Отдельно нам ни жить, ни умирать!
Хотя ты дерзкой гостьей входишь в дом
И взглядом леденишь мой пылкий труд
Украдкой, и моим владеешь сном
Из ночи в ночь, как только все уснут,
Не стану, Боль — ведь вместе мы умрем, —
Я над тобой вершить мой правый суд!
«Пока не выкурена сигарета…»
Пока не выкурена сигарета,
Пока в короткий миг перед концом
С окурка пепел падает клубком,
Пока, вытягиваясь в круге света,
Перед камином пляшет тень-комета,
На стенах в странном ритме шутовском,
Встает твой образ, кажущийся сном,
И я снимаю с памяти запреты.
Миг — и мечта развеялась, прощай!
Забудутся твои лицо и взгляд,
Улыбка, вспоминай — не вспоминай.
И лишь слова твои во мне звучат.
Но этот миг осветит неба край,
Когда угаснет дней твоих закат.
Знай, живущий всем на горе,
Тонущий в житейском море,
Ты, с судьбой в извечном споре,
Для которого мечты
Денег, страсти, красоты
Безнадежны и пусты,
Если грозы застят очи,
Если жить тебе нет мочи,
Жизнь погибели жесточе —
Знай: судьбы не одолеть,
Если хочешь ты и впредь,
Мне завидуя, скорбеть,
Скинь и дай мне плащ изгоя,
Облекись над сей плитою
В саван вечного покоя!
Впервые услышала жаворонка
Не знала, что он сродни земле, не видела, как он взлетел.

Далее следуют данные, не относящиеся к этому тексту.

Lemma segal_reg_alJ_le (t : 'I_dB.+1) : le (segal_reg (alJ t)) (InB t).
Proof.
have := ltn_ord t; rewrite /segal_reg val_alJ => ht.
case: (leqP t i) => h0 /=; first by rewrite h0 /= inord_val; lia.
by case: (leqP (t + (j - i) - 1) i) => h1; case: (leqP (t + (j - i) - 1) j) => h2 /=;
  rewrite ?inord_val; lia.
Qed.

(* A vertex of I is sent to its own copy, except i, which goes to its copy in J;
   dually for J and the vertex j. *)
Lemma segal_reg_alI (t : 'I_dA.+1) :
  match segal_reg (alI n t) with
  | InA a => nat_of_ord a = t | InB b => nat_of_ord b = i /\ nat_of_ord t = 0 end.
Proof.
have := ltn_ord t; rewrite /segal_reg val_alI => ht.
by case: (leqP (i + t) i) => h1; case: (leqP (i + t) j) => h2 /=; rewrite ?inord_val; lia.
Qed.

Lemma segal_reg_alJ (t : 'I_dB.+1) :
  match segal_reg (alJ t) with
  | InA a => nat_of_ord a = dA /\ nat_of_ord t = i.+1 | InB b => nat_of_ord b = t end.
Proof.
have := ltn_ord t; rewrite /segal_reg val_alJ => ht.
case: (leqP t i) => h0 /=; first by rewrite h0 /= inord_val; lia.
by case: (leqP (t + (j - i) - 1) i) => h1; case: (leqP (t + (j - i) - 1) j) => h2 /=;
  rewrite ?inord_val; lia.
Qed.

Lemma val_alI_Ii : nat_of_ord (alI n Ii) = i.
Proof. by rewrite val_alI val_Ii addn0. Qed.
Lemma val_alI_Ij : nat_of_ord (alI n Ij) = j.
Proof. by rewrite val_alI val_Ij; lia. Qed.
Lemma val_alJ_Jj : nat_of_ord (alJ Jj) = j.
Proof. by rewrite val_alJ val_Jj ltnn; lia. Qed.

Lemma segal_reg_i :
  match segal_reg (alI n Ii) with InB b => nat_of_ord b = i | InA _ => False end.
Proof. by rewrite /segal_reg val_alI_Ii leqnn /= inord_val //; lia. Qed.

Lemma segal_reg_j :
  match segal_reg (alI n Ij) with InA a => nat_of_ord a = dA | InB _ => False end.
Proof. by rewrite /segal_reg val_alI_Ij leqNgt Hij /= leqnn /= inord_val //; lia. Qed.

Section InverseObject.
Variable x : PB.

Definition pb_phi_i : hom (vx (pb_a x) Ii) (vx (pb_c x) Ji) := hu (pb_phi x) v0.
Definition pb_phi_j : hom (vx (pb_a x) Ij) (vx (pb_c x) Jj) := hu (pb_phi x) v1.
Definition pb_psi_i : hom (vx (pb_c x) Ji) (vx (pb_a x) Ii) :=
  iso_inv (hu_iso (pb_phi x) v0).

Lemma pb_psi_i_iso : is_iso pb_psi_i.
Proof. exact: iso_inv_iso. Qed.

Lemma pb_phi_psi_i : compm pb_phi_i pb_psi_i = idm _.
Proof. exact: iso_invR. Qed.

Lemma pb_psi_phi_i : compm pb_psi_i pb_phi_i = idm _.
Proof. exact: iso_invL. Qed.

Lemma pb_phi_g (H1 : Ii <= Ij) :
  compm pb_phi_j (vg (pb_a x) H1) = compm (vg (pb_c x) (bi_le_bj val_Ji val_Jj)) pb_phi_i.
Proof.
rewrite (bool_irrelevance H1 (mono_gaI i j (isT : v0 <= v1))).
rewrite (bool_irrelevance (bi_le_bj _ _) (mono_gaJ Hij Hjn (isT : v0 <= v1))).
exact: (hu_g (pb_phi x) (isT : v0 <= v1)).
Qed.

Lemma pb_phi_h :
  compm (fmap T pb_phi_i) (vh (pb_a x) (ai_le_aj Ij val_Ii)) =
  compm (vh (pb_c x) (bi_le_bj val_Ji val_Jj)) pb_phi_j.
Proof.
rewrite (bool_irrelevance (ai_le_aj _ _) (mono_gaI i j (isT : v0 <= v1))).
rewrite (bool_irrelevance (bi_le_bj _ _) (mono_gaJ Hij Hjn (isT : v0 <= v1))).
exact: (hu_h (pb_phi x) (isT : v0 <= v1)).
Qed.

Definition segal_diag : diag T le :=
  glue_diag (Hai := val_Ii) val_Ij (Hbi := val_Ji) (Hbj := val_Jj) pb_phi_psi_i pb_psi_phi_i
    pb_phi_g pb_phi_h.

Definition segal_inv_ob : NCob T n := diag_res mono_segal_reg segal_diag.
End InverseObject.

Section InverseMorphism.
Variables (x y : PB) (f : hom x y).

Lemma pb_hom_i : compm (hu (pb_v f) Ji) (pb_phi_i x) = compm (pb_phi_i y) (hu (pb_u f) Ii).
Proof. exact: (congr1 (fun g : NChom _ _ => hu g v0) (pb_sq f)). Qed.

Lemma pb_hom_j : compm (hu (pb_v f) Jj) (pb_phi_j x) = compm (pb_phi_j y) (hu (pb_u f) Ij).
Proof. exact: (congr1 (fun g : NChom _ _ => hu g v1) (pb_sq f)). Qed.

Definition segal_glue_map := glue_map (pb_u f) (pb_v f).

Lemma segal_glue_map_g r r' (H : le r r') :
  compm (segal_glue_map r') (dg (segal_diag x) H) =
  compm (dg (segal_diag y) H) (segal_glue_map r).
Proof. exact: (glue_map_g _ _ _ _ (pb_phi_psi_i x) (pb_psi_phi_i y) pb_hom_i pb_hom_j). Qed.

Lemma segal_glue_map_h r r' (H : le r r') :
  compm (fmap T (segal_glue_map r)) (dh (segal_diag x) H) =
  compm (dh (segal_diag y) H) (segal_glue_map r').
Proof. exact: (glue_map_h _ _ _ _ (pb_phi_psi_i x) (pb_psi_phi_i y) pb_hom_i pb_hom_j). Qed.

Definition segal_inv_hom : NChom (segal_inv_ob x) (segal_inv_ob y).
Proof.
refine (@diag_res_hom C T _ le n segal_reg mono_segal_reg (segal_diag x) (segal_diag y)
          segal_glue_map _
          segal_glue_map_g segal_glue_map_h).
by case=> [a|b]; exact: hu_iso.
Defined.
End InverseMorphism.

Definition segal_inv : Functor PB (NC T n).
Proof.
refine (@Fun PB (NC T n) segal_inv_ob segal_inv_hom _ _).
- by move=> x; apply: NChom_ext => t /=; case: (segal_reg t).
- by move=> x y z f g; apply: NChom_ext => t /=; case: (segal_reg t).
Defined.

Arguments segal_diag : simpl never.

Section Counit.
Variable x : PB.

Lemma segal_diag_isoA (t : 'I_dA.+1) r (H : le r (InA t)) :
  match r with
  | InA a => nat_of_ord a = t | InB b => nat_of_ord b = i /\ nat_of_ord t = 0 end ->
  is_iso (dg (segal_diag x) H).
Proof.
rewrite /segal_diag; case: r H => [a|b] /= H E; first exact: vg_iso.
case: E => E1 E2; apply: iso_comp; first apply: iso_comp.
- by apply: vg_iso; rewrite val_Ji.
- exact: pb_psi_i_iso.
- by apply: vg_iso; rewrite val_Ii.
Qed.

Lemma segal_diag_isoB (t : 'I_dB.+1) r (H : le r (InB t)) :
  match r with
  | InA a => nat_of_ord a = dA /\ nat_of_ord t = i.+1 | InB b => nat_of_ord b = t end ->
  is_iso (dg (segal_diag x) H).
Proof.
rewrite /segal_diag; case: r H => [a|b] /= H E; last exact: vg_iso.
case: E => E1 E2; apply: iso_comp; first apply: iso_comp.
- by apply: vg_iso; rewrite val_Ij.
- exact: (hu_iso (pb_phi x) v1).
- by apply: vg_iso; rewrite val_Jj.
Qed.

Откуда мне было знать, что его гнездо — борозда,
Что его крыло, не знающее касанья,
Как сердце земли, — родственно теплому плугу труда
Весенней ранью?
Услышав трель, я, вздрогнув, дыхание перевела —
С неба неумолимо песня, словно стрела,
Вонзилась в меня. Так смотрела я в небосвод,
Что голова закружилась… Стрелы трелей разят
Мою грудь без щита и не знают преград.
А певец между мною и солнцем все пел:
Песня не иссякала, прерывать ее он не хотел.
Я крикнула: «Нет в тебе жалости, строгий напев!»
Эти стрелы — как быстры они!
Или то ангелы одолели меня в бою?
Застали врасплох — и ни деревца в этом раю!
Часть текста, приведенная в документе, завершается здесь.